We are currently making our way through Cornelia Funke’s epic Dragonrider as our read aloud bedtime book. It’s a bit long and we keep getting distracted by reading shorter books. However, the kids are really enjoying it. We’ve probably read at least 20 or 30 read alouds this year. For Mushroom and BalletBoy, a great read aloud book has a few pictures, isn’t too long (Sorry, Cornelia Funke, they’re enjoying it, but they’re starting to get frustrated with the length) and usually has funny parts, though they’ll settle for adventure instead. We’re at the midway point, so here’s the best five books we’ve read aloud so far this year:
Mrs. Piggle-Wiggle by Betty MacDonald
Mrs. Piggle-Wiggle is an elderly woman with a hump on her back and an upside down house. The books about her are like a series of interconnected short stories. In each story, a child has a pesky problem and his or her parents ask Mrs. Piggle-Wiggle to cure. As you can imagine from a woman who lives in an upside house, the cures are pretty wacky. The feel of the stories are very old-fashioned. I’m always reminded of how much our cultural norms have changed when I read this series. References to spanking and parents who leave their children alone without a sitter abound. I didn’t read these classics as a kid myself, but I’m glad to have discovered them now and so are my kids.

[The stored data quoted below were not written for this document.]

(* Let $\Lambda$ be a germ at the origin of $\mathbb{K}^n$ ($\mathbb{K}=\mathbb{R}$ or $\mathbb{C}$; smooth, analytic or formal) of a Nambu structure of degree $q$, let $\Omega$ be a volume form, let $\omega=i_\Lambda\Omega$, and let $u$ be an invertible (nowhere vanishing) function germ. Then $DH(\mathcal{F}_\Lambda)\cong DH(\mathcal{F}_\omega)$ and $DH(\mathcal{F}_\Lambda)\cong DH(\mathcal{F}_{u\Lambda})$.
   Context: A differential $p$-form $\omega$ is integrable if for every $(p-1)$-vector field $A$: $\omega\wedge i_A\omega=0$ and $d\omega\wedge i_A\omega=0$. A $q$-vector field $\Lambda$ is a Nambu structure if $i_\Lambda\Omega$ is an integrable $(n-q)$-form for a volume form $\Omega$. A $p$-form $\eta$ is an infinitesimal deformation of an integrable $p$-form $\omega$ if for all $(p-1)$-vector fields $A$: $i_A\omega\wedge\eta+i_A\eta\wedge\omega=0$ and $i_A\omega\wedge d\eta+i_A\eta\wedge d\omega=0$; the set of these is $\mathcal{Z}(\omega)$. $\mathcal{Z}(\Lambda)$ is the set of $q$-vector fields $\Pi$ with $i_\Pi\Omega\in\mathcal{Z}(i_\Lambda\Omega)$. The trivial deformations of the foliation are $\mathcal{B}(\mathcal{F}_\Lambda)=\{\mathcal{L}_X\Lambda+f\Lambda\}$ and $\mathcal{B}(\mathcal{F}_\omega)=\{\mathcal{L}_X\omega+f\omega\}$, where $X$ ranges over vector field germs and $f$ over function germs. The deformation cohomologies are $DH(\mathcal{F}_\Lambda)=\mathcal{Z}(\Lambda)/\mathcal{B}(\mathcal{F}_\Lambda)$ and $DH(\mathcal{F}_\omega)=\mathcal{Z}(\omega)/\mathcal{B}(\mathcal{F}_\omega)$. *)

(* Germs of multivector fields / differential forms on K^n,
   in coordinates: an element of the exterior algebra is the family of its
   coefficients indexed by subsets I of {0,..,n-1} (basis d_I = d_{i1}/\..., i1<...<ik,
   resp. dx_I).  Function germs form a commutative K-algebra A with the n
   commuting coordinate partial derivatives D i. *)
From HB Require Import structures.
From mathcomp Require Import all_boot all_order all_algebra.
Set Implicit Arguments. Unset Strict Implicit. Unset Printing Implicit Defensive.
Import Order.TTheory GRing.Theory Num.Theory.
Local Open Scope ring_scope.

Section Ext.
Variables (K : numFieldType) (A : comUnitAlgType K) (n : nat).

Notation ext := {ffun {set 'I_n} -> A}.

Definition coord_derivations (D : 'I_n -> A -> A) : Prop :=
  [/\ forall i (k : K) x y, D i (k *: x + y) = k *: D i x + D i y,
      forall i x y, D i (x * y) = D i x * y + x * D i y
    & forall i j x, D i (D j x) = D j (D i x)].

Definition homog (k : nat) (a : ext) : Prop := forall I : {set 'I_n}, #|I| != k -> a I = 0.

(* "A is a (p-1)-vector field" (there are none when p = 0) *)
Definition pm1vec (p : nat) (a : ext) : Prop := (0 < p)%N /\ homog p.-1 a.

(* sign with e_I /\ e_J = esign I J e_(I u J) for disjoint I, J *)
Definition esign (I J : {set 'I_n}) : A :=
  (-1) ^+ #|[set p : 'I_n * 'I_n | [&& p.1 \in I, p.2 \in J & (p.2 < p.1)%N]]|.

Definition ebase (I : {set 'I_n}) : ext := [ffun J => (J == I)%:R].

Definition mscale (f : A) (a : ext) : ext := [ffun I => f * a I].

Definition wedge (a b : ext) : ext :=
  [ffun L : {set 'I_n} => \sum_(I : {set 'I_n}) \sum_(J : {set 'I_n} | [disjoint I & J] && (I :|: J == L))
                esign I J * a I * b J].

(* interior product i_P w of a multivector P into a form w:
   i_(d_I) (dx_I /\ dx_L) = dx_L *)
Definition iprod (P w : ext) : ext :=
  [ffun L : {set 'I_n} => \sum_(I : {set 'I_n} | [disjoint I & L]) esign I L * P I * w (I :|: L)].

Section WithD.
Variable D : 'I_n -> A -> A.

Definition dext (w : ext) : ext :=
  [ffun L : {set 'I_n} => \sum_(i in L) esign [set i] (L :\ i) * D i (w (L :\ i))].

(* Lie derivative of a form along a vector field X (Cartan formula) *)
Definition lie_form (X w : ext) : ext := iprod X (dext w) + dext (iprod X w).

(* Lie derivative (Schouten bracket [X, P]) of a multivector field P along X:
   [X, f d_I] = X(f) d_I + f [X, d_I],  [X, d_i] = - sum_j D_i(X_j) d_j *)
Definition lie_mv (X P : ext) : ext :=
  [ffun L : {set 'I_n} => \sum_(j : 'I_n) X [set j] * D j (P L)]
  - \sum_(I : {set 'I_n}) \sum_(i in I) \sum_(j : 'I_n)
        mscale (P I * D i (X [set j]) * esign [set i] (I :\ i))
               (wedge (ebase [set j]) (ebase (I :\ i))).

Definition volume_form (Om : ext) : Prop := homog n Om /\ Om setT \is a GRing.unit.

Definition integrable (p : nat) (w : ext) : Prop :=
  homog p w /\
  forall P : ext, pm1vec p P ->
    wedge w (iprod P w) = 0 /\ wedge (dext w) (iprod P w) = 0.

Definition nambu (q : nat) (Lam : ext) : Prop :=
  homog q Lam /\ exists Om, volume_form Om /\ integrable (n - q) (iprod Lam Om).

Definition Zform (p : nat) (w eta : ext) : Prop :=
  homog p eta /\
  forall P : ext, pm1vec p P ->
    wedge (iprod P w) eta + wedge (iprod P eta) w = 0 /\
    wedge (iprod P w) (dext eta) + wedge (iprod P eta) (dext w) = 0.

Definition Zmv (q : nat) (Om Lam Pi : ext) : Prop :=
  homog q Pi /\ Zform (n - q) (iprod Lam Om) (iprod Pi Om).

Definition Bmv (Lam Pi : ext) : Prop :=
  exists X f, homog 1 X /\ Pi = lie_mv X Lam + mscale f Lam.
Definition Bform (w eta : ext) : Prop :=
  exists X f, homog 1 X /\ eta = lie_form X w + mscale f w.
End WithD.
End Ext.

(* Z1/B1 ~= Z2/B2 as K-vector spaces: a K-linear map sending Z1 into Z2
   inducing a bijection Z1/B1 -> Z2/B2. *)
Definition subquot_iso (K : numFieldType) (V W : lmodType K)
    (Z1 B1 : V -> Prop) (Z2 B2 : W -> Prop) : Prop :=
  exists f : V -> W,
    [/\ forall (k : K) x y, f (k *: x + y) = k *: f x + f y,
        forall x, Z1 x -> Z2 (f x),
        forall y, Z2 y -> exists2 x, Z1 x & B2 (f x - y)
      & forall x, Z1 x -> (B2 (f x) <-> B1 x)].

Stuart Little by E.B. White
We read White’s even more classic book Charlotte’s Web ages ago, but we didn’t get around to his other works until more recently. This story of the mouse growing up in a New York family is much weirder than I remembered, which I think is a sign of how accepting children can be of a completely absurd premise, like two people having a mouse for a baby. I like imagining all the miniature things Stuart encounters, like his tiny car and the sailboat he rides in the park. As a child, I was entranced with small things so I’m sure this book spoke to me in that sense.
The Twenty-One Balloons by William Pene du Bois
This is by far my favorite book on this list. I remember it fondly from my childhood. For some reason, when I first struck up my interest in children’s books in college, it was the first book I picked up and reread. It’s a classic and won the Newbery Award, but for whatever reason, it often doesn’t turn up on lists of favorite classics with E.B. White and Laura Ingalls Wilder. The story is one of pure adventure. A man goes on a round-the-world balloon trip but crash lands on a mysterious volcanic island. He finds a whole society there, with interesting characters and strange contraptions. The story works in the 1883 explosion of the mega-volcano Krakatoa. (If grown-ups are interested, Simon Winchester’s book about the volcano is a fascinating read.) Pene du Bois did the pen and ink illustrations himself and they harken back to a different time, both in children’s books and in men’s fashion. Overall, an excellent read.
The BFG by Roald Dahl
This is one of Dahl’s best. It’s the story of a giant who can capture dreams and the little girl who befriends him. It’s both hilariously silly and unbelievably sweet and compassionate, a combination of moods that no author manages to put together as well as Roald Dahl. For weeks after reading this, Mushroom and Balletboy were playing some sort of game where they pretended to be Sophie and the Big Friendly Giant (except at some point he got changed to the BSG, which is a complete different piece of media altogether!) as well as speculating about what frobscottle tasted like.
The Jamie and Angus Stories
This book was recommended by the book lady at our amazing local toy store and bookshop. She is a wealth of information (better than the librarians!). While usually the kids want humor and adventure, this book has very little adventure and only a mild dose of humor. Instead, it has beautiful language and the kids instantly related to young Jamie. This is less of a single narrative and more of a set of interconnected stories. There’s another volume that continues the tales. Jamie is a young boy and Angus is his beloved stuffed sheep. The stories deal with everyday sort of occurrences, like learning to draw or trying to evade bedtime. If anyone out there is looking for the perfect first read aloud for a kid, this is probably it.